Paper: https://wg21.link/p0876r22

342 points (82% upvoted)

sorted by: best

▲ ▼

u/AutoModerator 1 point 5 hr. ago pinned comment

Reminder: be civil. Paper authors sometimes read these threads. If you haven't read the paper, consider doing so before commenting on the design.

Reply Share Report

▲ ▼

u/async_plumber 97 points 4 hr. ago 🏆

I work on an async networking stack built on Boost.Fiber, and this is the comment I've been waiting to write for about five years.

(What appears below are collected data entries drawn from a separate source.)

Record tile := Tile { trows : {set 'I_n}; tcols : {set 'I_m}; talpha : R }.

Definition valid_tile (T : tile) : Prop :=
  trows T != set0 /\ tcols T != set0.

(* A tile set; union of tile sets is concatenation. *)
Definition tileset := seq tile.

Definition rsum (I : finType) (P : pred I) (F : I -> R) : R :=
  \big[Rplus/R0]_(i in P) F i.

Definition area_size (T : tile) : R := INR (#|trows T| * #|tcols T|).

Definition fr (T : tile) (D : bmat) : R :=
  Rdiv (rsum (mem (trows T)) (fun i =>
          rsum (mem (tcols T)) (fun j => if D (i, j) then R1 else R0)))
       (area_size T).

Definition is_distr (p : bmat -> R) : Prop :=
  (forall D, Rle R0 (p D)) /\ rsum predT p = R1.

Definition fr_p (T : tile) (p : bmat -> R) : R :=
  rsum predT (fun D => Rmult (p D) (fr T D)).

Definition feasible (Ts : tileset) (p : bmat -> R) : Prop :=
  is_distr p /\ forall T, List.In T Ts -> fr_p T p = talpha T.

Definition consistent (Ts : tileset) : Prop := exists p, feasible Ts p.

Definition xlnx (x : R) : R :=
  if Rlt_dec R0 x then Rmult x (ln x) else R0.

Definition entropy (p : bmat -> R) : R := Ropp (rsum predT (fun D => xlnx (p D))).

Definition is_maxent (Ts : tileset) (p : bmat -> R) : Prop :=
  feasible Ts p /\ forall q, feasible Ts q -> Rle (entropy q) (entropy p).

(* p*_Ts : the entropy maximiser (chosen by Hilbert's epsilon; it exists and
   is unique whenever Ts is consistent). *)
Definition pstar (Ts : tileset) : bmat -> R :=
  epsilon (inhabits (fun _ : bmat => R0)) (is_maxent Ts).

Definition KLdiv (p q : bmat -> R) : R :=
  rsum predT (fun D =>
    if Rlt_dec R0 (p D) then Rmult (p D) (ln (Rdiv (p D) (q D))) else R0).

Definition KL (Ts Us : tileset) : R := KLdiv (pstar Ts) (pstar Us).

Definition exact_tile (T : tile) : Prop := talpha T = R0 \/ talpha T = R1.

Definition in_area (Ts : tileset) (i : 'I_n) (j : 'I_m) : Prop :=
  exists T, List.In T Ts /\ i \in trows T /\ j \in tcols T.

Definition dTUB (Ts Us Bs : tileset) : R :=
  let Ms := Ts ++ Us ++ Bs in
  if Req_EM_T (KL Ms Bs) R0 then R1
  else Rdiv (Rplus (KL Ms (Us ++ Bs)) (KL Ms (Ts ++ Bs))) (KL Ms Bs).

End TileDefs.

(* The tile constraints only see the cell marginals of a distribution, and among all
   distributions with given cell marginals the product one has the largest entropy
   (Gibbs' inequality).  So p*_S is the product of independent cells with biases mu
   maximising sum_c h(mu_c) under the (linear) tile constraints, h the binary entropy.
   If S is a part of M whose complement meets area(S) only in cells fixed by exact
   tiles of B in S, an optimal mu for M is still optimal for S on area(S), while the
   unconstrained cells outside area(S) move to 1/2.  Hence
   KL(M || S) = sum_{c not in area S} (h(1/2) - h(mu_c)).  With S = U∪B, T∪B and B,
   the hypothesis area(T) ∩ area(U) ⊆ area(B) makes the two numerator sums add up to
   the denominator, cells outside area(M) contributing 0. *)

From Stdlib Require Import Reals Lra ClassicalEpsilon.
From Stdlib Require List.


Section XlnxContinuity.
Local Open Scope R_scope.

Lemma xlnx_pos x : 0 < x -> xlnx x = x * ln x.
Proof. intro Hx; unfold xlnx; destruct (Rlt_dec R0 x); [reflexivity | lra]. Qed.

Lemma xlnx_nonpos x : x <= 0 -> xlnx x = 0.
Proof. intro Hx; unfold xlnx; destruct (Rlt_dec R0 x); [lra | reflexivity]. Qed.

Lemma Rabs_xlnx_le_sqrt y : 0 < y < 1 -> Rabs (xlnx y) <= 2 * sqrt y.
Proof.
intros [Hy0 Hy1]; rewrite xlnx_pos by lra.
set (z := sqrt y).
assert (Hz : 0 < z) by (apply sqrt_lt_R0; lra).
assert (Hzz : z * z = y) by (apply sqrt_sqrt; lra).
assert (Hlny : ln y = 2 * ln z) by (rewrite <- Hzz, ln_mult by lra; ring).
assert (Hlnz : - ln z <= / z - 1).
{ rewrite <- ln_Rinv by lra.
  pose proof (exp_ineq1_le (ln (/ z))) as H.
  rewrite exp_ln in H by (apply Rinv_0_lt_compat; lra); lra. }
assert (Hneg : ln y < 0) by (rewrite <- ln_1; apply ln_increasing; lra).
assert (Hzinv : z * / z = 1) by (field; lra).
rewrite Rabs_left by nra.
rewrite Hlny, <- Hzz; nra.
Qed.

Lemma continuity_pt_xlnx x : continuity_pt xlnx x.
Proof.
destruct (Rtotal_order x 0) as [Hx | [-> | Hx]].
- apply continuity_pt_locally_ext with (f := fun _ => 0) (a := - x); [lra | |].
  + intros y Hy; unfold Rdist in Hy; apply Rabs_def2 in Hy.
    rewrite xlnx_nonpos by lra; reflexivity.
  + apply continuity_pt_const; intros a b; reflexivity.
- intros eps Heps.
  exists (Rmin 1 (eps / 2 * (eps / 2))); split; [apply Rmin_pos; nra |].
  intros y [_ Hy]; simpl in *; unfold Rdist in *.
  rewrite Rminus_0_r in Hy; rewrite (xlnx_nonpos 0), Rminus_0_r by lra.
  destruct (Rle_lt_dec y 0) as [Hy0 | Hy0].
  + rewrite xlnx_nonpos, Rabs_R0 by lra; exact Heps.
  + rewrite Rabs_right in Hy by lra.
    pose proof (Rmin_l 1 (eps / 2 * (eps / 2))); pose proof (Rmin_r 1 (eps / 2 * (eps / 2))).
    assert (Hsqrt : sqrt y < eps / 2).
    { rewrite <- (sqrt_square (eps / 2)) by lra; apply sqrt_lt_1_alt; lra. }
    pose proof (Rabs_xlnx_le_sqrt y ltac:(lra)); lra.
- apply continuity_pt_locally_ext with (f := fun y => y * ln y) (a := x); [exact Hx | |].
  + intros y Hy; unfold Rdist in Hy; apply Rabs_def2 in Hy.
    rewrite xlnx_pos by lra; reflexivity.
  + apply continuity_pt_mult; apply derivable_continuous_pt;
      [apply derivable_pt_id | exists (/ x); apply derivable_pt_lim_ln; exact Hx].
Qed.

End XlnxContinuity.

From HB Require Import structures.
From mathcomp Require Import all_boot all_order all_algebra.
From mathcomp Require Import boolp classical_sets reals topology normedtype derive.
From mathcomp Require Import Rstruct Rstruct_topology ring lra.
Import Order.TTheory GRing.Theory Num.Theory ArrowAsProduct.

Local Open Scope ring_scope.
Bind Scope ring_scope with R.
Local Arguments xlnx _%_ring_scope.
Local Arguments ln _%_ring_scope.

Lemma lnM x y : 0 < x -> 0 < y -> ln (x * y) = ln x + ln y.
Proof. by move=> /RltP x0 /RltP y0; rewrite ln_mult. Qed.

Lemma ln_div x y : 0 < x -> 0 < y -> ln (x / y) = ln x - ln y.
Proof.
move=> x0 y0; rewrite lnM ?invr_gt0 //; congr (_ + _).
by move/RltP: y0 => y0; rewrite -RinvE ln_Rinv.
Qed.

Lemma ln_prod (I : finType) (a : I -> R) : (forall i, 0 < a i) ->
  ln (\prod_i a i) = \sum_i ln (a i).
Proof.
move=> a0; suff [] : 0 < \prod_i a i /\ ln (\prod_i a i) = \sum_i ln (a i) by [].
elim/big_rec2: _ => [|i s p _ [p0 <-]]; first by rewrite ln_1 ltr01.
by rewrite mulr_gt0 // lnM.
Qed.

Lemma ln_le_subr1 {x : R} : 0 < x -> ln x <= x - 1.
Proof.
move=> /RltP x0; have /RleP := exp_ineq1_le (ln x).
by rewrite exp_ln // RplusE -[IZR 1]/(GRing.one R); lra.
Qed.

Lemma ln_lt_subr1 {x : R} : 0 < x -> x != 1 -> ln x < x - 1.
Proof.
move=> /RltP x0 /eqP x1; have /RltP := exp_ineq1 (ln x) (ln_neq_0 x x1 x0).
by rewrite exp_ln // RplusE -[IZR 1]/(GRing.one R); lra.
Qed.

Definition lnz (x : R) : R := if 0 < x then ln x else 0.

Lemma xlnxE x : xlnx x = x * lnz x.
Proof.
rewrite /xlnx /lnz; case: Rlt_dec => [h | h]; first by have /RltP -> := h.
by have /RltP/negbTE -> := h; rewrite mulr0.
Qed.

Lemma xlnx0 : xlnx 0 = 0.
Proof. by rewrite xlnxE mul0r. Qed.

Lemma xlnx_tangent_gap a s : 0 < a -> 0 < s ->
  xlnx a - a * ln s - (a - s) = a * (s / a - 1 - ln (s / a)).
Proof. by move=> a0 s0; rewrite xlnxE /lnz a0 ln_div //; field; rewrite gt_eqF. Qed.

Lemma xlnx_tangent_le {a s : R} : 0 <= a -> 0 < s -> a - s <= xlnx a - a * ln s.
Proof.
rewrite le0r => /orP [/eqP -> | a0] s0; first by rewrite xlnx0 mul0r; lra.
rewrite -subr_ge0 xlnx_tangent_gap //; apply: mulr_ge0; first exact: ltW.
by have := ln_le_subr1 (divr_gt0 s0 a0); lra.
Qed.

Lemma xlnx_tangent_lt {a s : R} : 0 <= a -> 0 < s -> a != s -> a - s < xlnx a - a * ln s.
Proof.
rewrite le0r => /orP [/eqP -> | a0] s0 as_; first by rewrite xlnx0 mul0r; lra.
rewrite -subr_gt0 xlnx_tangent_gap //; apply: mulr_gt0 => //.
have sa1 : s / a != 1.
  by apply: contra as_ => /eqP e; apply/eqP; rewrite -(divr1_eq e).
by have := ln_lt_subr1 (divr_gt0 s0 a0) sa1; lra.
Qed.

The paper barely touches what I think is the strongest argument for fiber_context: P4003R0 and P4007R0 laid out the coroutine frame allocation problem for async I/O. Every coroutine in an I/O call chain has a frame that can't be HALO-optimized because the operation's lifetime outlives the caller. So you need a custom allocator, threaded through every single coroutine in the chain via a thread_local write-through cache.

With fibers? The stack pointer IS your allocator. Decrement to allocate, increment to deallocate. Zero overhead frame management. We switched from a coroutine-based I/O model to folly::fibers at $employer three years ago and saw measurable latency improvements at p99 just from eliminating coroutine frame allocation churn.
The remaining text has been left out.